Hola a todos que tal estan?, hace un tiempo que tenia este problema, pero por falta de tiempo no podia ponerme con mi bonito pc de sobremesa.. y el pobrecito estaba abondonado, pero bueno, ahora me he vuelto a poner con él de nuevo, y lo dejé como ahora está... con una instalación de gentoo recien hecha pero que no conseguí arrancarla...veamos... al intentar arrancar me aparece esto:

```

........

.........

* Mountin devpts at /dev/pts ...

* Checking root filesystem ...

fsck.ext3: No such file or directory while trying to open /dev/sda3

/dev/sda3:

The superblock could not be read or does not describe a correct ext2 filesystem. If the device is valid and it really contains an ext2 filesystem (and not swap or ufs or something else), then the superblock is corrupt,and you might try running e2fsck with an alternate superblock:

    e2fsck -b 8193 <device>

* Filesystem couldn't be fixed :(

Give root password for maintenance

(or type Control-D to continue):

```

Por si les sirve de ayuda, he aqui mi fichero /etc/fstab:

```

/dev/sda1     /boot            ext2          defaults,noatime 1 2

/dev/sda2     none            swap          sw                     0 0

/dev/sda3     /                  ext3           noatime             0 1

/dev/cdrom   /media/cdrom   auto       noauto,user        0 0

shm             /dev/shm          tmpfs      nodev,nosuid,noexec

```

El chipset que controla los dispositivos Sata es el siguiente:

```

Silicon Integrated System [SiS] 182 SATA/RAID Controller (rev 01)

```

El cual lo tengo en el kernel marcado para su soporte.

¿Alguna idea?

Espero respuestas.

Saludos.

----------

## i92guboj

Si entras en modo mantenimiento (si es que es posible) puedes ver las particiones con fdisk -l, lo cual quizás te de una idea del problema.

----------

## ZaPa

Hola de nuevo y gracias por tu ayuda.

He iniciado con el live cd y he introducido fdisk -l, me responde esto:

```

Disk /dev/sda: 500.1GB, 500107862016 bytes

255 heads, 63 sectos/track, 60801 cylinders

Units = cylinders of 16065 * 512 = 8225280 bytes

  Device          Boot          Start             End         Blocks           Id        System

/dev/sda1          *                1               33            265041        83          Linux

/dev/sda2                           34              546          4120672+     82         Linux Swap/Solaris

/dev/sda3                           547             60801      483998287+  83        Linux

```

¿Alguna idea?

Muchas gracias.

Saludos.

----------

## i92guboj

Bueno, la partición existe... Eso quiere decir que, o bien el tipo de sistema de ficheros que estás usando para montarla es incorrecto, o bien está dañado.
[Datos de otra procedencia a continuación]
(* Let $\varepsilon>0$, $\alpha=\varepsilon/(2M)$, $\eta=\alpha/(L+\alpha)$, $y_0\in\mathrm{dom}\, h$. Run MDA: $s_0=\nabla f(y_0)$, $x_0=\mathrm{argmin}_{x}\{\langle s_0,x\rangle+h^\alpha(x)\}$, and for $k\ge0$, $s_{k+1}=(1-\eta)s_k+\eta\nabla f(x_k)$, $x_{k+1}=\mathrm{argmin}_{x}\{\langle s_{k+1},x\rangle+h^\alpha(x)\}$; and define $y_{k+1}=(1-\eta)y_k+\eta x_{k+1}$ for $k\ge 0$. Let $\Gamma_k$ be the ACP model induced by $(y_0,\{x_i\}_{i=0}^{k-1},(\eta,\dots,\eta))$. Then the pair $(y_k,\Gamma_k)$ is an $\varepsilon$-certificate for the problem $\min_x \phi(x)$ after $k=\tilde{\mathcal{O}}(1+ML\varepsilon^{-1})$ iterations.
   Context: Let $\|\cdot\|$ be a norm on $\mathbb{R}^n$ with dual norm $\|\cdot\|_*$. Let $f:\mathbb{R}^n\to\mathbb{R}$ be convex, differentiable and $L$-smooth ($L>0$) with respect to $\|\cdot\|$, $h:\mathbb{R}^n\to(-\infty,\infty]$ closed proper convex with bounded domain, and $w:\mathbb{R}^n\to[0,+\infty]$ closed, $1$-strongly convex with respect to $\|\cdot\|$ on $\mathrm{dom}\, h$, with $M:=\max_{x\in\mathrm{dom}\, h}w(x)<\infty$. Let $\phi=f+h$, $h^\alpha=h+\alpha w$, $\phi^\alpha=f+h^\alpha$. Write $\ell_f(x;x_0)=f(x_0)+\langle\nabla f(x_0),x-x_0\rangle$. The ACP model induced by $(y_0,\{x_i\}_{i=0}^{k-1},\zeta)$, $\zeta\in[0,1]^k$, is defined by $\Gamma_0(x)=h^\alpha(x)+\ell_f(x;y_0)$, $\Gamma_{j+1}(x)=(1-\zeta_j)\Gamma_j(x)+\zeta_j(h^\alpha(x)+\ell_f(x;x_j))$. For $u\in\mathrm{dom}\, h$ and $\alpha\le\varepsilon/(2M)$, the pair $(u,\Gamma_k)$ is called an $\varepsilon$-certificate if $\phi^\alpha(u)-\min_{x\in\mathbb{R}^n}\Gamma_k(x)\leq\varepsilon/2$. The notation $\tilde{\mathcal{O}}$ hides logarithmic factors (in $\varepsilon$ and the initial gap). *)

From HB Require Import structures.
From mathcomp Require Import all_boot all_order all_algebra.
From mathcomp Require Import all_classical all_reals all_analysis.
Set Implicit Arguments. Unset Strict Implicit. Unset Printing Implicit Defensive.
Import Order.TTheory GRing.Theory Num.Theory.
Import numFieldNormedType.Exports.
Local Open Scope classical_set_scope.
Local Open Scope ring_scope.
Lemma stable_atomistic_chain_stable N : (1 <= N)%nat ->
  stable_atomistic N s phi F <-> chain_stable s p N.
Proof.
  intros HN. assert (He := eps_pos N HN).
  assert (Eform : forall u, sumZ (- Z.of_nat N + 1) (Z.of_nat N) (fun l =>
      sumN 1 s (fun k => phi2 phi (INR k * F) * (sumN 0 (k - 1) (fun j => dd N u (l + Z.of_nat j)%Z)) ^ 2))
    = chain_energy s p N (dd N u)).
  { intro u. change (sumZ _ _ ?f) with (wsum N f).
    rewrite (wsum_ext _ _ (fun l => sum_lt s (fun i => p (S i) *
               sum_lt (S i) (fun j => dd N u (l + Z.of_nat j)%Z) ^ 2))).
    - rewrite wsum_sum_lt_comm. apply sum_lt_ext; intros. apply wsum_scal.
    - intros l _. rewrite sumN_from1. apply sum_lt_ext; intros. rewrite sumN_from0 by lia. reflexivity. }
  unfold stable_atomistic, chain_stable. split; intros Hst u HU Hne; specialize (Hst u HU Hne);
    rewrite Eform in *; nra.
Qed.

End Atomistic.

Lemma exists_threshold (P : Prop) (A c L U : R) :
  L <= U -> (P -> A - c * L > 0) -> (A - c * U > 0 -> P) ->
  exists B, U >= B /\ B >= L /\ (P <-> A - c * B > 0).
Proof.
  intros HLU HL HU. destruct (classic P) as [HP|HnP].
  - exists L. split; [lra|split; [lra|tauto]].
  - exists U. split; [lra|split; [lra|tauto]].
Qed.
Si el problema es el primero, entonces todo debería andar si usas el tipo correcto en la línea correspondiente de tu fstab.

Si el problema es el segundo la cosa es más complicada, y podrías perder datos. Tendrías que usar fsck para intentar repararlo, pero eso podría terminar de corromperlo todo   :Rolling Eyes: 

----------

## johpunk

eso mismo me paso a mi revisa tu fstab, al parecer pusiste como particion ext3 una particion que no existe, lo digo pq a mi me paso y con tan solo modificar mi fstab lo acomode  :Very Happy:  saludos!

----------

## ZaPa

Hola de nuevo a todos..

Despues de multiples investigaciones.. creo que el problema es de la particion /boot.. ya que al montar /dev/sda3 en /mnt/gentoo con el live cd, ya tenia dentro una carpeta llamada boot.. lo cual eso esta mal,no? ya que mi particion boot es /dev/sda1 y aun no habia sido montada por mí...

Entonces creo que puede ser este el problema, he borrado esa carpeta /boot que tenia en /dev/sda3, y he instalado grub de nuevo en /dev/sda1 y en princpio todo bien... ahora le he dicho en el grub.conf que el kernel esta en (hd0,0) real root=/dev/sda3 y me dice que no encuentra la imagen del kernel :S que extraño..

Me aparece el mensaje diciendome, que el fichero de la imagen del kernel no existe y la pantalla a rallas.. como en blanco y negro.. esto porqué ocurre?

Alguna idea?

Saludos.

----------

## Inodoro_Pereyra

 *ZaPa wrote:*   

> Hola de nuevo a todos..
> 
> Despues de multiples investigaciones.. creo que el problema es de la particion /boot.. ya que al montar /dev/sda3 en /mnt/gentoo con el live cd, ya tenia dentro una carpeta llamada boot.. lo cual eso esta mal,no? ya que mi particion boot es /dev/sda1 y aun no habia sido montada por mí...
> 
> Entonces creo que puede ser este el problema, he borrado esa carpeta /boot que tenia en /dev/sda3, y he instalado grub de nuevo en /dev/sda1 y en princpio todo bien... ahora le he dicho en el grub.conf que el kernel esta en (hd0,0) real root=/dev/sda3 y me dice que no encuentra la imagen del kernel :S que extraño..
> ...

 

Zapa, la pantalla rayada y en blanco y negro se produce por tener mal especificada la línea que apunta a la imagen de fondo en tu grub.conf...

La carpeta boot es el punto de montaje para la partición en donde decidas copiar tu kernel y donde irá a parar grub y todos sus archivos. /boot debe existir como entrada de directorio dentro del arbol de la unidad raíz. Ya desde el comienzo tenés un error conceptual en ese punto. 

Puede que tu /boot/grub/device.map esté nombrando de otra forma al disco que te interesa, que el kernel no tenga soporte para ext2/3 (no se me ocurre como te podría haber pasado pero que se puede, se puede), o que simplemente se esté poniendo a funcionar el disco con el driver IDE genérico en el kernel antes que con el Serial ATA correspondiente...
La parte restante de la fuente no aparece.